On retrouve aussi beaucoup de symboles africains, par exemple, on voit beaucoup la poupée Ashanti symbole de la femme dans de nombreuses toiles où l’acteur principal est un homme. La sexualité est exprimée à travers l’illustration des publicités de femmes dénudées affichées ça et là dans le décor de la scène mise en valeur, comme pour indiquer une sexualité brimée où la femme est vue comme un objet. On a aussi des rappels à l’éducation et l’école. Probablement, pour faire un parallélisme avec l’école de la rue. Celle que Waddal a fréquenté, l’école à la dure.

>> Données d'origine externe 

(* For every (possibly partial) function $f:\mathcal{S}\to\mathcal{Z}$, $\mathcal{S}\subseteq\mathcal{X}\times\mathcal{Y}$, every $\varepsilon\ge0$ and every $z_0\in\mathcal{Z}$, $$\mathrm{srec}^{z_0}_\varepsilon(f)\le\overline{\mathrm{prt}}_\varepsilon(f)\le\mathrm{prt}_\varepsilon(f).$$
   Context: $\mathcal{X},\mathcal{Y},\mathcal{Z}$ finite; rectangles are $A\times B$ with $A\subseteq\mathcal{X},B\subseteq\mathcal{Y}$ (including empty); sums over $R$ range over all rectangles. Relaxed partition bound: for a distribution $\mu$ on $\mathcal{X}\times\mathcal{Y}$, $\overline{\mathrm{prt}}^\mu_\varepsilon(f)$ is the value of: minimize $1/\eta$ over $\eta>0$, $p_{R,z}\ge0$ s.t. (i) $\sum_{(x,y)\in\mathcal{S}}\mu(x,y)\sum_{R\ni(x,y)}p_{R,f(x,y)}+\sum_{(x,y)\notin\mathcal{S}}\mu(x,y)\sum_{z,R\ni(x,y)}p_{R,z}\ge(1-\varepsilon)\eta$; (ii) $\forall (x,y)\in\mathcal{X}\times\mathcal{Y}$: $\sum_{z,R\ni(x,y)}p_{R,z}\le\eta$; (iii) $\sum_{R,z}p_{R,z}=1$. $\overline{\mathrm{prt}}_\varepsilon(f)=\max_\mu\overline{\mathrm{prt}}^\mu_\varepsilon(f)$. Partition bound (Jain–Klauck): $\mathrm{prt}_\varepsilon(f)=\min\sum_{R,z}w_{R,z}$ over $w_{R,z}\ge0$ s.t. $\forall(x,y)\in\mathcal{S}$: $\sum_{R\ni(x,y)}w_{R,f(x,y)}\ge1-\varepsilon$, and $\forall(x,y)\in\mathcal{X}\times\mathcal{Y}$: $\sum_{z,R\ni(x,y)}w_{R,z}=1$. Smooth rectangle bound: $\mathrm{srec}^{z_0}_\varepsilon(f)=\min\sum_R w'_R$ over $w'_R\ge0$ s.t. $\forall(x,y)\in f^{-1}(z_0)$: $1-\varepsilon\le\sum_{R\ni(x,y)}w'_R\le1$, and $\forall(x,y)\in\mathcal{S}\setminus f^{-1}(z_0)$: $\sum_{R\ni(x,y)}w'_R\le\varepsilon$. *)

From HB Require Import structures.
From mathcomp Require Import all_boot all_order all_algebra.
Set Implicit Arguments. Unset Strict Implicit. Unset Printing Implicit Defensive.
Import Order.TTheory GRing.Theory Num.Theory.
Local Open Scope ring_scope.

Section Bounds.
Variables (R : realFieldType) (X Y Z : finType).

Definition rect := ({set X} * {set Y})%type.
Definition in_rect (r : rect) (x : X) (y : Y) : bool := (x \in r.1) && (y \in r.2).

Definition is_min (P : R -> Prop) (v : R) : Prop := P v /\ forall w, P w -> v <= w.
Definition is_max (P : R -> Prop) (v : R) : Prop := P v /\ forall w, P w -> w <= v.

(* the (possibly partial) function f : S -> Z is given by S and a total f,
   only the values on S matter *)
Variables (S : {set X * Y}) (f : X -> Y -> Z).

Definition is_distribution (mu : X -> Y -> R) : Prop :=
  (forall x y, 0 <= mu x y) /\ \sum_(x : X) \sum_(y : Y) mu x y = 1.

Definition rprt_feasible (eps : R) (mu : X -> Y -> R) (eta : R) (p : rect -> Z -> R) : Prop :=
  [/\ 0 < eta,
      forall r z, 0 <= p r z,
      \sum_(xy in S) mu xy.1 xy.2 * (\sum_(r : rect | in_rect r xy.1 xy.2) p r (f xy.1 xy.2))
        + \sum_(xy in ~: S) mu xy.1 xy.2 *
            (\sum_(z : Z) \sum_(r : rect | in_rect r xy.1 xy.2) p r z)
        >= (1 - eps) * eta,
      forall x y, \sum_(z : Z) \sum_(r : rect | in_rect r x y) p r z <= eta
    & \sum_(r : rect) \sum_(z : Z) p r z = 1].

Definition rprt_mu_objectives (eps : R) (mu : X -> Y -> R) (v : R) : Prop :=
  exists eta p, rprt_feasible eps mu eta p /\ v = eta^-1.

Definition is_rprt_mu (eps : R) (mu : X -> Y -> R) (v : R) : Prop :=
  is_min (rprt_mu_objectives eps mu) v.

Definition is_rprt (eps : R) (v : R) : Prop :=
  is_max (fun w => exists mu, is_distribution mu /\ is_rprt_mu eps mu w) v.

Definition prt_feasible (eps : R) (w : rect -> Z -> R) : Prop :=
  [/\ forall r z, 0 <= w r z,
      forall x y, (x, y) \in S ->
        \sum_(r : rect | in_rect r x y) w r (f x y) >= 1 - eps
    & forall x y, \sum_(z : Z) \sum_(r : rect | in_rect r x y) w r z = 1].

Definition is_prt (eps : R) (v : R) : Prop :=
  is_min (fun t => exists w, prt_feasible eps w /\ t = \sum_(r : rect) \sum_(z : Z) w r z) v.

Definition srec_feasible (z0 : Z) (eps : R) (w : rect -> R) : Prop :=
  [/\ forall r, 0 <= w r,
      forall x y, (x, y) \in S -> f x y = z0 ->
        1 - eps <= \sum_(r : rect | in_rect r x y) w r <= 1
    & forall x y, (x, y) \in S -> f x y <> z0 ->
        \sum_(r : rect | in_rect r x y) w r <= eps].

Definition is_srec (z0 : Z) (eps : R) (v : R) : Prop :=
  is_min (fun t => exists w, srec_feasible z0 eps w /\ t = \sum_(r : rect) w r) v.

End Bounds.

(* The right inequality is a rescaling: a partition-bound solution [w] of value
   [v], divided by [v], is feasible for the relaxed partition LP of every
   distribution [mu], with objective [v] (lemma [rprt_le_prt]).

   The left inequality is a minimax argument.  If every distribution [mu] has a
   relaxed solution of value at most [V0 = prtbar_eps(f)], then there is a
   single nonnegative weighting [u] of labelled rectangles with loads at most
   [1], correct weight at least [1 - eps] on every point of [S] and total
   weight at most [V0] (lemma [cover_solvable]); otherwise Farkas' lemma gives
   multipliers that define a distribution violating the hypothesis.  The
   [z0]-labelled part of [u] is then a smooth-rectangle solution
   ([srec_le_cover]).  To apply the hypothesis to an arbitrary [mu] we need
   that its relaxed LP attains its optimum ([rprt_mu_attained]). *)
From HB Require Import structures.
From mathcomp Require Import all_boot all_order all_algebra.
From mathcomp Require Import lra.
Import Order.TTheory GRing.Theory Num.Theory.
Local Open Scope ring_scope.
Set Implicit Arguments. Unset Strict Implicit. Unset Printing Implicit Defensive.

Section Farkas.
Variable R : realFieldType.

Lemma sum_delta (I : finType) (i : I) (F : I -> R) :
  \sum_l (l == i)%:R * F l = F i.
Proof.
rewrite (bigD1 i) //= eqxx mul1r big1 ?addr0 // => l /negbTE ->.
by rewrite mul0r.
Qed.

Lemma sum_comb (I J : finType) (c : I -> R) (a : I -> J -> R) (x : J -> R) :
  \sum_l c l * \sum_j a l j * x j = \sum_j (\sum_l c l * a l j) * x j.
Proof.
under eq_bigr do rewrite mulr_sumr.
rewrite exchange_big /=; apply: eq_bigr => j _.
by rewrite mulr_suml; apply: eq_bigr => l _; rewrite mulrA.
Qed.

Lemma exists_between (I : finType) (P N : pred I) (G : I -> R) :
  (forall i k, P i -> N k -> G k <= G i) ->
  exists t, (forall k, N k -> G k <= t) /\ (forall i, P i -> t <= G i).
Proof.
move=> sep; case: (pickP N) => [k0 Nk0|N0].
  case: (arg_maxP G Nk0) => k Nk kmax.
  by exists (G k); split=> [k' /kmax|i Pi]; last exact: sep.
case: (pickP P) => [i0 Pi0|P0].
  case: (arg_minP G Pi0) => i Pi imin.
  by exists (G i); split=> [k|i' /imin]; rewrite ?N0.
by exists 0; split=> [k|i]; rewrite ?N0 ?P0.
Qed.

(* Fourier's criterion in one variable: [A l * t <= d l] is solvable as soon
   as it holds for the rows with [A l = 0] and for the positive combinations
   of one row with [A > 0] and one row with [A < 0] that eliminate [t]. *)
Lemma one_var_solvable (I : finType) (A d : I -> R) :
  (forall l, A l = 0 -> 0 <= d l) ->
  (forall i k, 0 < A i -> A k < 0 -> 0 <= d i * - A k + d k * A i) ->
  exists t, forall l, A l * t <= d l.
Proof.
move=> zero_rows pair_rows; pose G l := d l / A l.
have GA l : A l != 0 -> G l * A l = d l by move=> Al; rewrite divfK.
have sep i k : 0 < A i -> A k < 0 -> G k <= G i.
  move=> Ai Ak; have := pair_rows i k Ai Ak.
  have := GA i (lt0r_neq0 Ai); have := GA k (ltr0_neq0 Ak).
  have : 0 < A i * - A k by rewrite mulr_gt0 // oppr_gt0.
  by move: (G i) (G k) => gi gk; nra.
have [t [lower upper]] := exists_between sep.
exists t => l; case: (ltgtP (A l) 0) => Al.
- by have := lower l Al; have := GA l (ltr0_neq0 Al); move: (G l) => gl; nra.
- by have := upper l Al; have := GA l (lt0r_neq0 Al); move: (G l) => gl; nra.
- by rewrite Al mul0r; apply: zero_rows.
Qed.

(* Multipliers of one Fourier-Motzkin elimination step for the column [A]:
   the rows where [A] vanishes, and the pairs of rows of opposite signs. *)
Definition fm_mult (I : finType) (A : I -> R) (m : I + I * I) (l : I) : R :=
  match m with
  | inl i => if A i == 0 then (l == i)%:R else 0
  | inr (i, k) => if (0 < A i) && (A k < 0)
                  then (l == i)%:R * - A k + (l == k)%:R * A i else 0
  end.

Lemma fm_mult_ge0 (I : finType) (A : I -> R) m l : 0 <= fm_mult A m l.
Proof.
case: m => [i|[i k]] /=; first by case: ifP.
case: ifP => // /andP[Ai Ak].
by rewrite addr_ge0 // mulr_ge0 // ?oppr_ge0 ltW.
Qed.

Lemma fm_mult_comb (I : finType) (A d : I -> R) m :
  \sum_l fm_mult A m l * d l =
  match m with
  | inl i => if A i == 0 then d i else 0
  | inr (i, k) => if (0 < A i) && (A k < 0) then d i * - A k + d k * A i else 0
  end.
Proof.
case: m => [i|[i k]] /=.
  by case: ifP => _; rewrite ?sum_delta // big1 // => l _; rewrite mul0r.
case: ifP => _; last by rewrite big1 // => l _; rewrite mul0r.
under eq_bigr do rewrite mulrDl -!mulrA.
by rewrite big_split /= !sum_delta mulrC [A i * _]mulrC.
Qed.

Lemma fm_mult_kills (I : finType) (A : I -> R) m :
  \sum_l fm_mult A m l * A l = 0.
Proof.
rewrite fm_mult_comb; case: m => [i|[i k]].
  by case: ifP => // /eqP.
by case: ifP => // _; rewrite mulrN [A k * _]mulrC addNr.
Qed.

Lemma fm_mult_sound (I : finType) (A d : I -> R) :
  (forall m, 0 <= \sum_l fm_mult A m l * d l) ->
  exists t, forall l, A l * t <= d l.
Proof.
move=> comb; apply: one_var_solvable => [l Al|i k Ai Ak].
  by have := comb (inl l); rewrite fm_mult_comb Al eqxx.
by have := comb (inr (i, k)); rewrite fm_mult_comb Ai Ak.
Qed.

Definition extend n (x : 'I_n -> R) (t : R) (k : 'I_n.+1) : R :=
  oapp x t (insub (val k)).

Lemma sum_extend n (F : 'I_n.+1 -> R) x t :
  \sum_k F k * extend x t k =
  \sum_(j < n) F (widen_ord (leqnSn n) j) * x j + F ord_max * t.
Proof.
rewrite big_ord_recr /=; congr (_ + _ * _).
  by apply: eq_bigr => j _; rewrite /extend /= valK.
by rewrite /extend insubN //= ltnn.
Qed.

Une autre chose a beaucoup attiré mon attention. Les couleurs. Waddall a tantôt des toiles très colorées et tantôt des toiles plus ternes avec des points de couleurs comme pour attirer notre attention sur un trait loufoque ou comique de la scène. Je trouve cette technique très intéressante car elle choque notre vue et attire notre attention sur des détails précis de la toile.
Il utilise aussi de nombreuses techniques à savoir, le dessin, le collage et la peinture avec notamment des pigments naturels. Oui ! oui ! Vous avez bien lu! Il utilise des pigments naturels principalement la marre de café. Il a fait ce choix car comme il l’indique « je suis éco-responsable. Le café est mon identité. Utiliser la marre de café c’est comme montrer ma double culture : la culture de l’esprit et de l’agriculture. Le café est un produit naturel de chez nous, et à travers son utilisation, je montre mon “africanité” ». J’ai été très touchée par cette envie de montrer son métissage et sa richesse culturelle à travers l’exploitation de ce produit du terroir.
C’est donc une personne pleine de richesses et de ressources que j’ai pu rencontrer. Il a d’ailleurs une soif de partage qu’il projette de concrétiser par la mise en place de formation et d’initiation à l’art auprès des plus jeunes.
En attendant d’en savoir plus sur ce projet, je vous invite à vous rendre si ce n’est pas encore fait à la Galerie LouiSimone Guirandou pour apprécier l’exposition «Un si long chemin» qui n’est autre qu’une sorte d’hommage à toutes ces personnalités qui ont vécues l’étape de la rue et qui ont pu vivre l’expérience du rejet de la société et de la création de leurs identités nouvelles dans ce combat perpétuel pour ne pas oublier leurs identités premières.